Вот теперь приходилось опасаться худшего. У султана развязались руки для удара на север. А ограничиваться Азовом он не собирался. Польские дипломаты не преминули заверить его, что Речь Посполитая “казачью проблему” решила, и набегов с Днепра больше можно не опасаться. И Мурад задумал решить вторую часть “проблемы”. Покорить Дон и подчинить или уничтожить его население. Что неминуемо вызвало бы войну с Россией. Хотя казаки формально и не считались подданными царя, но с турецкими попытками их раздавить и овладеть их землями Москва мириться не смогла бы. К тому же в случае завоевания Дона османам легко было найти объекты дальнейшей экспансии — для них открывалась дорога на Астрахань и Казань, которую не удалось проложить в 1569 г. Султан начал готовиться к новой войне…
Россия форсированными темпами продолжала строительство и оборудование оборонительных систем. И вдобавок вдруг обострились отношения с Ираном. Сефи I, едва выпутавшись из драки с турками, тоже вспомнил о своих нереализованных планах на севере. Вновь потребовал подчинения от дагестанских князей и принялся организовывать поход на них. Горцы хорошо знали, как в Иране дерут налоги, неимоверно выросшие в период войны, и переходить в подданство шаха отнюдь не стремились, сразу отправили гонцов к царю с мольбами о помощи. Конфликт с Персией был в такой момент совершенно некстати. Тем не менее царь и Боярская Дума решили поддержать подданных. Михаил Федорович назначил аудиенцию шахскому послу Аджибеку и резко высказал претензии по поводу вмешательства в северокавказские дела. Однозначно отрезал, что Россия такого не потерпит. А затевать серьезную войну для Ирана, выдохшегося в борьбе с османами, и имея в тылу индусов, было никак не с руки. Сефи опять пошел на попятную, отложив дагестанские проекты до “лучших времен”. Например, когда русские сцепятся с Портой.
В 1639 и 1640 гг в Москву прибыло и два посольства кахетинского царя Теймураза. В войне его стране крепко досталось и от турок, и от персов, а теперь Кахетия возвращалась под владычество султана. Теймураз, судя по всему, счел, что положение может изменить назревающая русско-турецкая война, поэтому подтверждал присягу о подданстве, некогда данную его предками русскому царю, сообщал, что к нему самому в подданство попросились черкесы, и просил принять Кахетию под покровительство. Но на такую авантюру правительство не пошло, ограничившись материальной помощью и дипломатическими мерами по защите закавказских христиан.
В марте 1640 г. Россия вновь стала собирать армию на юге. План предполагался чисто оборонительный.

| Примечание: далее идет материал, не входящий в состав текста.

(* Let $\mathbb{F}$ be a field, $n\ge2$ an integer and $h$ an integer with $0\le h\le n-2$. Then there exists a unital $\mathbb{F}$-algebra $\mathcal{A}$ with $\dim\mathcal{A}=n$ and $l(\mathcal{A})=2^h$.
   Context: Algebras are finite-dimensional, unital, not necessarily associative. For a finite generating set $S$ of $\mathcal{A}$, a word in $S$ is any product (with any bracketing) of finitely many elements of $S$; its length is the number of factors, and $1$ is a word of length $0$. $L_i(S)$ is the linear span of all words in $S$ of length at most $i$. The length of $S$ is $l(S)=\min\{k\ge0: L_k(S)=\mathcal{A}\}$, and $l(\mathcal{A})=\max\{l(S): S\text{ a finite generating set of }\mathcal{A}\}$. *)

From HB Require Import structures.
From mathcomp Require Import all_boot all_order all_algebra.
Set Implicit Arguments. Unset Strict Implicit. Unset Printing Implicit Defensive.
Import GRing.Theory.
Local Open Scope ring_scope.

(* A (not necessarily associative) n-dimensional F-algebra is modelled on the
   carrier 'rV[F]_n (every n-dim F-vector space is isomorphic to it) with a
   bilinear multiplication [mul] and a two-sided unit [e]. *)
Section NonAssocAlg.
Variables (F : fieldType) (n : nat).
Local Notation V := 'rV[F]_n.

Definition bilinear_mul (mul : V -> V -> V) : Prop :=
  (forall (a : F) (x y z : V), mul (a *: x + y) z = a *: mul x z + mul y z) /\
  (forall (a : F) (x y z : V), mul z (a *: x + y) = a *: mul z x + mul z y).

Definition is_unit_elt (mul : V -> V -> V) (e : V) : Prop :=
  forall x : V, mul e x = x /\ mul x e = x.

(* words_upto mul e S k = [:: W_0; W_1; ...; W_k] where W_i is the list of
   all words in S of length exactly i (all bracketings):
   W_0 = [:: e], W_1 = S, W_k = { u * v | u in W_i, v in W_(k-i), 1 <= i < k }. *)
Fixpoint words_upto (mul : V -> V -> V) (e : V) (S : seq V) (k : nat)
  : seq (seq V) :=
  match k with
  | 0 => [:: [:: e]]
  | k'.+1 =>
      let ws := words_upto mul e S k' in
      rcons ws
        (if k' is 0 then S
         else flatten [seq [seq mul u v | u <- nth [::] ws i,
                                          v <- nth [::] ws (k'.+1 - i)]
                      | i <- iota 1 k'])
  end.

Definition Lspace (mul : V -> V -> V) (e : V) (S : seq V) (k : nat)
  : {vspace V} :=
  <<flatten (words_upto mul e S k)>>%VS.

Definition set_length (mul : V -> V -> V) (e : V) (S : seq V) (k : nat)
  : Prop :=
  Lspace mul e S k = fullv /\ (forall j : nat, (j < k)%N -> Lspace mul e S j <> fullv).

End NonAssocAlg.

From HB Require Import structures.
From mathcomp Require Import all_boot all_order all_algebra.
From mathcomp Require Import ring zify.
Set Implicit Arguments. Unset Strict Implicit. Unset Printing Implicit Defensive.
Import GRing.Theory.
Local Open Scope ring_scope.

(* Take the algebra with basis e_0 = 1, e_1, ..., e_(n-1) in which e_i * e_i = e_(i+1)
   for 1 <= i <= h and all other products of the e_i with i >= 1 vanish.
   For any generating set S, L_1(S) + span(e_2, ..., e_(h+1)) is closed under
   multiplication, hence everything; so L_1(S) contains some t congruent to e_1
   modulo span(e_2, ..., e_(h+1)), and its repeated squares, of lengths 2^i, are
   e_(i+1) plus higher terms, which gives span(e_2, ..., e_(h+1)) <= L_(2^h)(S)
   by triangularity: l(S) <= 2^h. Conversely, for S = {e_1, e_(h+2), ..., e_(n-1)}
   a word reaches the coordinate e_(p+1) only if it has at least 2^p letters, so
   e_(h+1) is not in L_j(S) for j < 2^h. *)

Lemma span_ind (K : fieldType) (vT : vectType K) (X : seq vT) (P : vT -> Prop) :
  P 0 -> (forall a x y, P x -> P y -> P (a *: x + y)) -> (forall x, x \in X -> P x) ->
  forall v, v \in <<X>>%VS -> P v.
Proof.
move=> P0 PC PX v Xv.
rewrite (@coord_span _ _ _ (in_tuple X) _ Xv).
apply: big_ind => // [x y Px Py|i _]; first by rewrite -[x]scale1r; apply: PC.
by rewrite -[_ *: _]addr0; apply: PC => //; apply/PX/mem_nth.
Qed.

Section Words.
Variables (F : fieldType) (n : nat).
Local Notation V := 'rV[F]_n.
Variables (mul : V -> V -> V) (e : V) (S : seq V).

Definition words i := nth [::] (words_upto mul e S i) i.

Lemma words_uptoE k : words_upto mul e S k = map words (iota 0 k.+1).
Proof.
elim: k => [//|k IHk].
have size_ws : size (words_upto mul e S k) = k.+1 by rewrite IHk size_map size_iota.
have -> : iota 0 k.+2 = rcons (iota 0 k.+1) k.+1 by rewrite -cats1 -addn1 iotaD.
by rewrite map_rcons -IHk /words /= nth_rcons size_ws ltnn eqxx.
Qed.

Lemma words0 : words 0 = [:: e].
Proof. by []. Qed.

Lemma words1 : words 1 = S.
Proof. by []. Qed.

Lemma wordsSS k :
  words k.+2 = flatten [seq [seq mul u v | u <- words i, v <- words (k.+2 - i)]
                       | i <- iota 1 k.+1].
Proof.
have -> : words k.+2 = nth [::] (rcons (words_upto mul e S k.+1)
    (flatten [seq [seq mul u v | u <- nth [::] (words_upto mul e S k.+1) i,
                                 v <- nth [::] (words_upto mul e S k.+1) (k.+2 - i)]
             | i <- iota 1 k.+1])) k.+2 by [].
rewrite nth_rcons words_uptoE size_map size_iota ltnn eqxx.
congr flatten; apply/eq_in_map => i; rewrite mem_iota => /andP[i_gt0 i_lt].
by rewrite !(nth_map 0) ?size_iota ?nth_iota //; lia.
Qed.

Воеводы назначались “по местам, а не по полкам”, им предписывалось “стоять по своим городом, где кому указано”. Отряды формировались в Крапивне, Рязани, Веневе, Мценске. Номинальным большим воеводой, по родовому и служебному старшинству, стал князь Воротынский. Но реально возглавить ударную группировку поручалось более молодому и деятельному полководцу Алексею Трубецкому, проявившему себя на сибирском и астраханском воеводствах. Под его начало в Тулу государь “указал быть стольником и стряпчим, и жильцом, и дворяном, и детям боярским их городов, атаманом и казаком, рейтаром и солдатом, и стрельцом, и иноземцом”. Остальные воеводы находились в оперативном подчинении у Трубецкого. Официально указывалась цель сбора — “для приходу крымского царя и крымских и ногайских людей”. Но обратите внимание на состав армии. Россия выставляла лучшие силы. Перебросила со шведской границы солдатские полки, высылала корпус стрельцов, служилых иноземцев, стряпчих и жильцов — составлявших личную гвардию царя. Нет, не обычного ханского набега ждало правительство. А турецкого вторжения.

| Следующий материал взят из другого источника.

(* For each $n\geq2$, the pseudovariety $\llbracket N_n\rrbracket$ is join irreducible and $\operatorname{Excl}(N_n)=\llbracket x^{\omega+n-1}\approx x^{n-1}\rrbracket$.
   Context: $N_n=\langle a\mid a^n=0\rangle=\{0,a,\dots,a^{n-1}\}$ is the monogenic nilpotent semigroup of order $n$. A pseudovariety is a class of finite semigroups closed under finite direct products, subsemigroups and homomorphic images; $\llbracket S\rrbracket$ is the pseudovariety generated by $S$ and $\llbracket\Sigma\rrbracket$ the pseudovariety defined by pseudoidentities $\Sigma$; $x^\omega$ is the idempotent power and $x^{\omega+k}=x^\omega x^k$. A pseudovariety $\mathbf{V}$ is join irreducible if for every set $\mathscr{X}$ of pseudovarieties, $\mathbf{V}\subseteq\bigvee\mathscr{X}$ implies $\mathbf{V}\subseteq\mathbf{X}$ for some $\mathbf{X}\in\mathscr{X}$; $\operatorname{Excl}(S)$ is the class of finite semigroups $T$ with $S\notin\llbracket T\rrbracket$. *)

From HB Require Import structures.
From mathcomp Require Import all_boot zify.
Set Implicit Arguments.
Unset Strict Implicit.
Unset Printing Implicit Defensive.

Record fsg : Type := FSG {
  fsg_car :> finType;
  fsg_op : fsg_car -> fsg_car -> fsg_car;
  fsg_assoc : associative fsg_op }.

Definition hom (S T : fsg) (f : S -> T) : Prop :=
  forall x y : S, f (fsg_op x y) = fsg_op (f x) (f y).

(* positive powers: spow x k = x^k for k >= 1 *)
Definition spow (S : fsg) (x : S) (k : nat) : S := iter k.-1 (fsg_op x) x.

Definition prod_op (S T : fsg) (p q : (S * T)%type) : (S * T)%type :=
  (fsg_op p.1 q.1, fsg_op p.2 q.2).
Lemma prod_op_assoc (S T : fsg) : associative (@prod_op S T).
Proof. by move=> [a b] [c d] [e f]; rewrite /prod_op /= !fsg_assoc. Qed.
Definition prod_fsg (S T : fsg) : fsg := @FSG (S * T)%type _ (@prod_op_assoc S T).

(* the trivial semigroup (empty direct product) *)
Definition unit_op (x y : unit) : unit := tt.
Lemma unit_op_assoc : associative unit_op. Proof. by []. Qed.
Definition unit_fsg : fsg := @FSG unit _ unit_op_assoc.

Definition class := fsg -> Prop.
Definition subclass (V W : class) : Prop := forall S, V S -> W S.

(* pseudovariety: closed under finite direct products (nullary and binary),
   subsemigroups (injective homomorphisms) and homomorphic images
   (surjective homomorphisms). *)
Definition pseudovariety (V : class) : Prop :=
  [/\ V unit_fsg,
      (forall S T : fsg, V S -> V T -> V (prod_fsg S T)),
      (forall (S T : fsg) (f : T -> S), hom f -> injective f -> V S -> V T) &
      (forall (S T : fsg) (f : S -> T), hom f -> (forall y, exists x, f x = y) ->
          V S -> V T)].

Definition gen (S : fsg) : class :=
  fun T => forall V, pseudovariety V -> V S -> V T.

Definition join (X : class -> Prop) : class :=
  fun T => forall V, pseudovariety V ->
    (forall W, X W -> subclass W V) -> V T.

Definition join_irreducible (V : class) : Prop :=
  forall X : class -> Prop, (forall W, X W -> pseudovariety W) ->
    subclass V (join X) -> exists2 W, X W & subclass V W.

Definition Excl (S : fsg) : class := fun T => ~ gen T S.

(* [[ x^{w+k} = x^k ]] : x^w is the (unique) idempotent positive power of x *)
Definition omega_plus_eq (k : nat) : class :=
  fun T => forall x e : T, (exists2 m, 0 < m & e = spow x m) ->
    fsg_op e e = e -> fsg_op e (spow x k) = spow x k.

(* N_n = <a | a^n = 0> = {a, a^2, ..., a^{n-1}, 0}; the element i : 'I_n
   represents a^(i+1), and i = n-1 represents a^n = 0. *)
Lemma N_op_lt n (i : 'I_n) (m : nat) : minn m n.-1 < n.
Proof. have := ltn_ord i; lia. Qed.
Definition N_op n (i j : 'I_n) : 'I_n := Ordinal (N_op_lt i (i + j).+1).
Lemma N_op_assoc n : associative (@N_op n).
Proof. move=> i j k; apply: val_inj => /=; lia. Qed.
Definition N (n : nat) : fsg := @FSG 'I_n _ (@N_op_assoc n).

(* An element x with idempotent power x^w satisfies x^(w+n-1) = x^(n-1)
   unless its first n-1 powers x, ..., x^(n-1) occur only once in the
   sequence of its powers; in that case collapsing all higher powers to a
   zero maps the monogenic subsemigroup generated by x onto N_n.  Hence
   N_n lies in [[T]] exactly when T violates the pseudoidentity, so
   Excl(N_n) is the pseudovariety it defines.  A pseudovariety V = Excl(S)
   makes [[S]] join irreducible: if S lies in no member of a family of
   pseudovarieties, every member is contained in V, hence so is their join,
   while S is not in V. *)
From mathcomp Require Import all_boot zify.
From Stdlib Require Import Classical.

Set Implicit Arguments.
Unset Strict Implicit.
Unset Printing Implicit Defensive.

Lemma gen_divisor (T U S : fsg) (i : U -> T) (f : U -> S) :
  hom i -> injective i -> hom f -> (forall y, exists x, f x = y) -> gen T S.
Proof.
move=> ihom iinj fhom fsurj V [_ _ Vsub Vimg] VT.
exact: Vimg _ _ f fhom fsurj (Vsub _ _ i ihom iinj VT).
Qed.

Lemma join_irreducible_gen (S : fsg) (V : class) :
  pseudovariety V -> subclass (Excl S) V -> ~ V S -> join_irreducible (gen S).
Proof.
move=> pV ExclV notVS X Xpv genX; apply: NNPP => noW; apply: notVS.
have WV W : X W -> subclass W V.
  move=> XW T WT; apply: ExclV => genTS; apply: noW; exists W => // R genSR.
  exact: genSR _ (Xpv W XW) (genTS _ (Xpv W XW) WT).
exact: genX S (fun _ _ => id) V pV WV.
Qed.

Lemma Excl_iff (S : fsg) (V : class) :
  pseudovariety V -> ~ V S -> (forall T, ~ V T -> gen T S) ->
  forall T, Excl S T <-> V T.
Proof.
move=> pV notVS genS T; split => [notgen | VT genTS].
  by apply: NNPP => notVT; apply: notgen (genS T notVT).
exact: notVS (genTS V pV VT).
Qed.

Section Subsemigroup.

Variables (T : fsg) (P : pred T).
Hypothesis P_op : forall y z, P y -> P z -> P (fsg_op y z).

Definition sub_op (u v : {y : T | P y}) : {y : T | P y} :=
  exist _ (fsg_op (val u) (val v)) (P_op (valP u) (valP v)).

Lemma sub_op_assoc : associative sub_op.
Proof. by move=> u v w; apply: val_inj; apply: fsg_assoc. Qed.

Definition sub_fsg : fsg := FSG sub_op_assoc.

Lemma val_hom : hom (val : sub_fsg -> T).
Proof. by []. Qed.

End Subsemigroup.

(* [powS x k] is x^(k+1); in particular [spow x k.+1] is [powS x k]. *)
Definition powS (S : fsg) (x : S) (k : nat) : S := iter k (fsg_op x) x.

Section Powers.

Variable S : fsg.
Implicit Types (x e : S) (a b c j k : nat).

Lemma powSD x a b : fsg_op (powS x a) (powS x b) = powS x (a + b).+1.
Proof. by elim: a => [|a IHa] //=; rewrite -fsg_assoc IHa. Qed.

Lemma powS_powS x a b : powS (powS x a) b = powS x (a.+1 * b.+1).-1.
Proof.
elim: b => [|b IHb]; first by rewrite muln1.
by rewrite [LHS]/= -/(powS _ b) IHb powSD; congr (powS x _); nia.
Qed.

Lemma powS_idem e b : fsg_op e e = e -> powS e b = e.
Proof. by move=> ee; elim: b => //= b ->. Qed.

Lemma powS_period x j d :
  powS x (j + d) = powS x j -> forall l t, j <= l -> powS x (l + t * d) = powS x l.
Proof.
move=> per l t le_jl.
have per_t : powS x (j + t * d) = powS x j.
  elim: t => [|t IHt]; first by rewrite mul0n addn0.
  rewrite mulSn addnCA [LHS]iterD -/(powS x (j + t * d)) IHt -iterD addnC.
  exact: per.
rewrite -(subnK le_jl) -addnA [LHS]iterD -/(powS x (j + t * d)) per_t.
by rewrite /powS iterD.
Qed.

Lemma powS_eventually_periodic x : exists j d, 0 < d /\ powS x (j + d) = powS x j.
Proof.
have /trajectP[j lt_j loop] := looping_order (fsg_op x) x.
exists j, (order (fsg_op x) x - j); split; first by rewrite subn_gt0.
by rewrite (subnKC (ltnW lt_j)).
Qed.

Lemma idem_powS_exists x : exists a, fsg_op (powS x a) (powS x a) = powS x a.
Proof.
have [j [d [d_gt0 per]]] := powS_eventually_periodic x.
exists (j.+1 * d).-1; rewrite powSD.
have -> : ((j.+1 * d).-1 + (j.+1 * d).-1).+1 = (j.+1 * d).-1 + j.+1 * d by nia.
by apply: powS_period per _ _ _; nia.
Qed.

Lemma idem_powS_unique x a b :
  fsg_op (powS x a) (powS x a) = powS x a ->
  fsg_op (powS x b) (powS x b) = powS x b -> powS x a = powS x b.
Proof.
move=> idem_a idem_b.
by rewrite -(powS_idem b idem_a) -(powS_idem a idem_b) !powS_powS mulnC.
Qed.

(* The idempotent power e = x^(a+1) equals x^((a+1)d), a multiple of the
   period d, so multiplying by it does not change any power past the index j. *)
Lemma idem_powS_absorb x a j d k :
  0 < d -> powS x (j + d) = powS x j -> j <= k ->
  fsg_op (powS x a) (powS x a) = powS x a ->
  fsg_op (powS x a) (powS x k) = powS x k.
Proof.
move=> d_gt0 per le_jk idem_a.
rewrite -(powS_idem d.-1 idem_a) powS_powS powSD prednK //.
have -> : ((a.+1 * d).-1 + k).+1 = k + a.+1 * d by nia.
exact: powS_period per _ _ le_jk.
Qed.

Lemma powS_isolated x a k :
  fsg_op (powS x a) (powS x a) = powS x a ->
  fsg_op (powS x a) (powS x k) <> powS x k ->
  forall j c, j <= k -> powS x j = powS x c -> c = j.
Proof.
move=> idem_a not_absorbed j c le_jk E.
case: (ltngtP j c) => [lt_jc | lt_cj | //]; case: not_absorbed.
  apply: (idem_powS_absorb (j := j) (d := c - j)) le_jk idem_a.
    by rewrite subn_gt0.
  by rewrite (subnKC (ltnW lt_jc)).
apply: (idem_powS_absorb (j := c) (d := j - c)) _ idem_a.
- by rewrite subn_gt0.
- by rewrite (subnKC (ltnW lt_cj)).
- exact: leq_trans (ltnW lt_cj) le_jk.
Qed.

End Powers.

Lemma powS_hom (S T : fsg) (f : S -> T) (x : S) k : hom f -> f (powS x k) = powS (f x) k.
Proof. by move=> fhom; elim: k => //= k IHk; rewrite fhom IHk. Qed.

Lemma powS_prod (S T : fsg) (x : prod_fsg S T) k : powS x k = (powS x.1 k, powS x.2 k).
Proof. by elim: k => [|k IHk] /=; [case: x | rewrite IHk]. Qed.

Lemma omega_plus_eqP k (T : fsg) :
  omega_plus_eq k T <->
  (forall (x : T) a, fsg_op (powS x a) (powS x a) = powS x a ->
     fsg_op (powS x a) (powS x k.-1) = powS x k.-1).
Proof.
split=> [Tk x a idem_a | Tk x e [[|m] // _ ->]]; last exact: Tk.
exact: Tk x _ (ex_intro2 _ _ a.+1 erefl erefl) idem_a.
Qed.

Lemma omega_pseudovariety k : pseudovariety (omega_plus_eq k).
Proof.
split.
- by move=> x e _ _; case: (fsg_op _ _); case: (spow _ _).
- move=> S T /omega_plus_eqP S_k /omega_plus_eqP T_k; apply/omega_plus_eqP.
  move=> x a; rewrite !powS_prod => -[/S_k S_abs /T_k T_abs].
  by rewrite /= /prod_op /= S_abs T_abs.
- move=> S T f fhom finj /omega_plus_eqP S_k; apply/omega_plus_eqP.
  move=> x a idem_a; apply: finj; rewrite fhom !(powS_hom _ _ fhom).
  by apply: S_k; rewrite -!(powS_hom _ _ fhom) -fhom idem_a.
- move=> S T f fhom fsurj /omega_plus_eqP S_k; apply/omega_plus_eqP.
  move=> y a; have [x <-] := fsurj y; move=> idem_a.
  have [b idem_b] := idem_powS_exists x.
  have := congr1 f (S_k x b idem_b); have := congr1 f idem_b.
  rewrite fhom !(powS_hom _ _ fhom) => idem_fb.
  by rewrite fhom !(powS_hom _ _ fhom) (idem_powS_unique idem_a idem_fb).
Qed.

Lemma N_powS m c : val (powS (ord0 : N m.+1) c) = minn c m.
Proof. by elim: c => [|c IHc] /=; [lia | rewrite IHc; lia]. Qed.

Lemma N_not_omega k : ~ omega_plus_eq k.+1 (N k.+2).
Proof.
move=> /omega_plus_eqP /(_ ord0 k.+1) absorbs.
pose z := powS (ord0 : N k.+2) k.+1.
have zero_idem : fsg_op z z = z.
  by apply: val_inj; rewrite /= !N_powS; lia.
by have := congr1 val (absorbs zero_idem); rewrite /= !N_powS; lia.
Qed.

Section MonogenicQuotient.

Variables (T : fsg) (x : T) (m : nat).

Lemma fconnect_powS c : fconnect (fsg_op x) x (powS x c).
Proof. exact: fconnect_iter. Qed.

Lemma fconnect_op y z :
  fconnect (fsg_op x) x y -> fconnect (fsg_op x) x z ->
  fconnect (fsg_op x) x (fsg_op y z).
Proof.
move=> /iter_findex <- /iter_findex <-.
by rewrite -/(powS x _) -/(powS x _) powSD fconnect_powS.
Qed.

Definition monogenic_fsg : fsg := sub_fsg fconnect_op.

(* [findex] recovers an exponent of [u] as a power of [x]; all powers beyond
   x^m are sent to the zero of N_(m+1). *)
Definition collapse (u : monogenic_fsg) : N m.+1 :=
  inord (minn (findex (fsg_op x) x (val u)) m).

Lemma powS_findex (u : monogenic_fsg) : val u = powS x (findex (fsg_op x) x (val u)).
Proof. exact/esym/iter_findex/(valP u). Qed.

Hypothesis isolated : forall j c, j < m -> powS x j = powS x c -> c = j.

Lemma collapse_powS c (u : monogenic_fsg) : val u = powS x c -> collapse u = minn c m :> nat.
Proof.
move=> Eu; rewrite /collapse inordK ?ltnS ?geq_minr //.
have E : powS x (findex (fsg_op x) x (val u)) = powS x c by rewrite -Eu -powS_findex.
case: (ltnP c m) => [lt_cm | le_mc]; first by rewrite (isolated lt_cm (esym E)); lia.
case: (ltnP (findex (fsg_op x) x (val u)) m) => [lt_fm | //].
by have := isolated lt_fm E; lia.
Qed.

Lemma collapse_hom : hom collapse.
Proof.
move=> u v; have Eu := powS_findex u; have Ev := powS_findex v.
move: (findex (fsg_op x) x (val u)) (findex (fsg_op x) x (val v)) Eu Ev => a b Eu Ev.
apply: val_inj => /=; rewrite (collapse_powS (c := (a + b).+1)).
  by rewrite (collapse_powS Eu) (collapse_powS Ev); lia.
by rewrite -powSD -Eu -Ev.
Qed.

Lemma collapse_surj (i : N m.+1) : exists u, collapse u = i.
Proof.
exists (exist _ (powS x i) (fconnect_powS i)); apply: val_inj => /=.
by rewrite (collapse_powS (c := i)) //; have := ltn_ord i; lia.
Qed.

Lemma gen_N_of_isolated : gen T (N m.+1).
Proof.
exact: (gen_divisor (@val_hom _ _ fconnect_op) val_inj collapse_hom collapse_surj).
Qed.

End MonogenicQuotient.

Lemma gen_N_of_not_omega k (T : fsg) : ~ omega_plus_eq k.+1 T -> gen T (N k.+2).
Proof.
move=> notT; apply: NNPP => notgen; apply: notT; apply/omega_plus_eqP => x a idem_a.
apply: NNPP => not_absorbed; apply: notgen; apply: (gen_N_of_isolated (x := x)).
exact: powS_isolated idem_a not_absorbed.
Qed.

Theorem theorem5p7 (n : nat) : 2 <= n ->
  join_irreducible (gen (N n)) /\
  (forall T : fsg, Excl (N n) T <-> omega_plus_eq (n - 1) T).
Proof.
case: n => [|[|k]] // _; rewrite subn1 /=.
have omega_pv := omega_pseudovariety k.+1.
have ExclE := Excl_iff omega_pv (@N_not_omega k) (@gen_N_of_not_omega k).
split=> //; apply: join_irreducible_gen omega_pv _ (@N_not_omega k).
by move=> T /ExclE.
Qed.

Но Мурад тяжело заболел. И в Стамбуле развернулась жесточайшая борьба за потенциальную власть между гаремными группировками. Какие уж тут походы?! Победила в придворных баталиях мать султана. Заключила союз с Мухаммедом-пашой, которого продвинула на пост великого визиря, и когда монарх умер, они возвели на престол другого ее сына, Ибрагима. Султанская мамаша таким образом смогла сохранить свое главенство в гареме, сыновья Мурада отправились в “клетку”, их проигравшие матери переместились на задворки гаремной иерархии. Но для государства цена такой “победы” была дороговата. Потому что Ибрагим до этого 17 лет провел в “клетке”, общаясь лишь с бесплодными наложницами. И не только не был готов к управлению страной, но вообще “съехал”, из-за чего и получил прозвище Безумного.